STEM Secondary Educator of the Year

Mrs. Teresa Strube, Middle School Science and Math teacher, UW Lab School
STEM Secondary Educator of the Year - Mrs. Teresa Strube, Middle School Science and Math teacher, UW Lab School
“It’s a bit unusual for science and math teachers to form strong partnerships with the librarians in a school, but Mrs. Strube is the exception! She works closely with my staff to create and teach innovative technology electives,” said Dr. Margaret Hudson, principal at the UW Lab School.

These elective courses, offered quarterly for the past two years, have included building raspberry pi, robotics exploration, programming Sphero robots, and a girls-only technology course.

Mrs. Strube is keen to assess her work as a teacher and find multiple strategies to achieve goals, such as involving more middle school girls in the technology electives. This past fall, she took 20 middle school students to a regional library conference, where the students presented their experiments to a large group of teachers and librarians.

“Teaching with technology has always been important, but allowing students the opportunity to use it is going to help them in any field that they go into,” said Mrs. Strube. “There are jobs out there that don’t exist for us that they’re going to have to be prepared for, and to be able to present them with the newest, cutting-edge stuff is extremely important to me.”

Co-workers and parents agree that Mrs. Strube’s encouragement of students to be technological leaders requires a great deal of willingness, planning, and open-mindedness. She’s “tough but fair” and students respect her knowledge, enthusiasm, high expectations, and non-gendered support of STEM learning.

“She is kind and generous in mentoring her student teachers and in partnering with other teachers in the school. Her attitude is positive, and her answer is almost always “yes!” when approached with a new idea. The world could use more teachers like Mrs. Strube,” added Dr. Hudson.

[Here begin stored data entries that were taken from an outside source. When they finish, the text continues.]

(* Let $d\le k$ and let $R$ be a $d\times k$ matrix that is weakly completely-$\mathcal S$ with respect to $f:\{1,\dots,k\}\to\mathcal P(\{1,\dots,d\})$, where $f(j)\ne\emptyset$ for all $j$ and, for each $1\le i\le d$, $f(j)=\{i\}$ iff $j=i$. Then there is a constant $C>0$ depending only on $R$ and $f$ such that the following holds. Whenever $\delta>0$, $0\le t_1<t_2<\infty$, $w,x\in C([t_1,t_2],\mathbb R^d)$ and $y\in C([t_1,t_2],\mathbb R^k)$ satisfy (i) $w(t)=x(t)+Ry(t)$ for all $t\in[t_1,t_2]$; (ii) $w(t)\in\mathbb R^d_{\ge0}$ for all $t\in[t_1,t_2]$; (iii) for each $j$: $y_j(t_1)\ge0$, $y_j$ is nondecreasing, and $\int_{t_1}^{t_2}\mathbf 1(w_i(s)>\delta\text{ for some }i\in f(j))\,dy_j(s)=0$; then $$\mathrm{Osc}(y,[t_1,t_2])\le C\big(\mathrm{Osc}(x,[t_1,t_2])+\delta\big),\qquad \mathrm{Osc}(w,[t_1,t_2])\le C\big(\mathrm{Osc}(x,[t_1,t_2])+\delta\big).$$
   Context: For $g\in C([t_1,t_2],\mathbb R^m)$, $\mathrm{Osc}(g,[t_1,t_2])=\sup\{\max_{1\le l\le m}|g_l(t)-g_l(s)|: t_1\le s<t\le t_2\}$. Weakly completely-$\mathcal S$: for a $d\times k$ matrix $R$ and $f:\{1,\dots,k\}\to\mathcal P(\{1,\dots,d\})$, for nonempty $I\subseteq\{1,\dots,d\}$ set $J_I=\{1\le j\le k: f(j)\subseteq I\}$ and $R_I=R_{I,J_I}$; $R$ is weakly completely-$\mathcal S$ w.r.t. $f$ if for every nonempty $I$ there is $\lambda_I\in\mathbb R^I_{>0}$ with $(\lambda_I^\top R_I)_j\ge1$ for all $j\in J_I$. *)

From HB Require Import structures.
From mathcomp Require Import all_boot all_order all_algebra.
From mathcomp Require Import all_classical all_reals all_analysis.
Set Implicit Arguments. Unset Strict Implicit. Unset Printing Implicit Defensive.
Import Order.TTheory GRing.Theory Num.Theory.
Import numFieldNormedType.Exports.
Local Open Scope classical_set_scope.
Local Open Scope ring_scope.

Definition weakly_completely_S {R : realType} (d k : nat) (M : 'M[R]_(d, k))
  (f : 'I_k -> {set 'I_d}) : Prop :=
  forall I : {set 'I_d}, I != finset.set0 ->
    exists lam : 'I_d -> R,
      (forall i, i \in I -> 0 < lam i) /\
      (forall j : 'I_k, f j \subset I -> 1 <= \sum_(i in I) lam i * M i j).

Definition Osc {R : realType} (m : nat) (g : R -> 'I_m -> R) (t1 t2 : R) : R :=
  sup [set r | exists s t, t1 <= s /\ s < t /\ t <= t2 /\
                 r = \big[Num.max/0]_(l < m) `|g t l - g s l| ].

Definition clamp_ext {R : realType} (F : R -> R) (t1 t2 : R) : R -> R :=
  fun s => F (Num.min (Num.max s t1) t2).

(* the Lebesgue-Stieltjes (outer) measure dF of a set A: the Caratheodory
   extension of the length F(b) - F(a) of half-open intervals ]a,b] *)
Definition stieltjes_outer {R : realType} (F : R -> R) (A : set R) : \bar R :=
  measure_extension.mu_ext (wlength F) A.

From HB Require Import structures.
From mathcomp Require Import all_boot all_order all_algebra.
From mathcomp Require Import all_classical all_reals all_analysis.
From mathcomp Require Import lra.
Set Implicit Arguments. Unset Strict Implicit. Unset Printing Implicit Defensive.
Import Order.TTheory GRing.Theory Num.Theory.
Import numFieldNormedType.Exports.
Local Open Scope classical_set_scope.
Local Open Scope ring_scope.

(* Induct on the size of a set I of faces such that, on a time interval [a, b],
   only the components y_j with f j \subset I increase.  For i in I let u be the
   last time in [a, b] with w_i <= delta (u = a if there is none).  On ]u, b]
   face i is away from the boundary, so every y_j with i in f j is flat there:
   on [u, b] only the components with f j \subset I :\ i move, the induction
   hypothesis bounds their increments and hence w_i b - w_i u, while
   w_i u - w_i a <= delta.  Testing these bounds on w_i (i in I) against the
   vector lambda_I of the completely-S condition, (lambda_I^T R_I)_j >= 1, bounds
   the total increment of y.  For I the full set this bounds Osc y, and Osc w
   follows from w = x + R y. *)

Lemma cumulative_flat (R : realType) (F : cumulative R R) (u v : R) (S : set R) :
  u <= v -> `]u, v] `<=` S -> stieltjes_outer F S = 0%E -> F v = F u.
Proof.
move=> uv uvS S0; apply/eqP; rewrite eq_le (cumulative_is_nondecreasing F _ _ uv) andbT.
have : (measure_extension.mu_ext (wlength F) `]u, v] <= 0)%E.
  by rewrite -S0; exact: measure_extension.le_mu_ext.
rewrite measurable_mu_extE /= ?wlength_itv_bnd ?lee_fin ?subr_le0 //.
exact: is_ocitv.
Qed.

Section ClampExt.
Variables (R : realType) (g : R -> R) (t1 t2 : R).
Hypothesis t12 : t1 <= t2.

Lemma clamp_ext_in s : t1 <= s <= t2 -> clamp_ext g t1 t2 s = g s.
Proof. by case/andP=> t1s st2; rewrite /clamp_ext (max_l t1s) (min_l st2). Qed.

STEM Post-Secondary Educator of the Year

Dr. Edwin C. Bittner, Jr. VMS, Veterinary Technology Instructor, Eastern Wyoming College
STEM Post-Secondary Educator of the Year - Dr. Edwin C. Bittner, Jr. VMS, Veterinary Technology Instructor, Eastern Wyoming College
Dr. Bittner draws on a wealth of knowledge from over 30 years in practice and integrates emerging information to make his courses unparalleled in their quality and content.

“He’s very consistent with his high standards and all of the students strive to meet those high standards,” said Dr. Susan Walker, EWC’s Veterinary Technology Program Director.

“The good thing that sets Dr. Bittner apart from all the other instructors is that he can make something that seems so out-of-the-way and so difficult to comprehend just more interesting to learn,” said EWC student Diandra Turner.

Dr. Bittner is frequently contacted by veterinary hospitals and wildlife rehabilitation facilities to recommend students for jobs or internships, and program alumni contact him looking for advice. He was integral in setting up regional vaccination clinics in which students not only gained knowledge and experience, but were also publically promoted as necessary members of the veterinary health-care team.

Dr. Bittner says STEM education allows him to provide a student-oriented and hands-on program: “We want our students to succeed by earning a grade and being competent in the career field when they leave here. I’ve found we can make lemonade out of lemons because we may have students that are very grounded in math and others not at all, and this gives us an opportunity to all rise to the level of the expectation of the class by not only the instructor helping, but the other students helping.”

Dr. Bittner is constantly developing and refining his teaching methods. As faculty identify areas where students are deficient in their knowledge or need remediation, he has been able to address those areas by developing new courses, including an innovative math course. He was also integral in developing biology and chemistry courses specifically for veterinary technicians.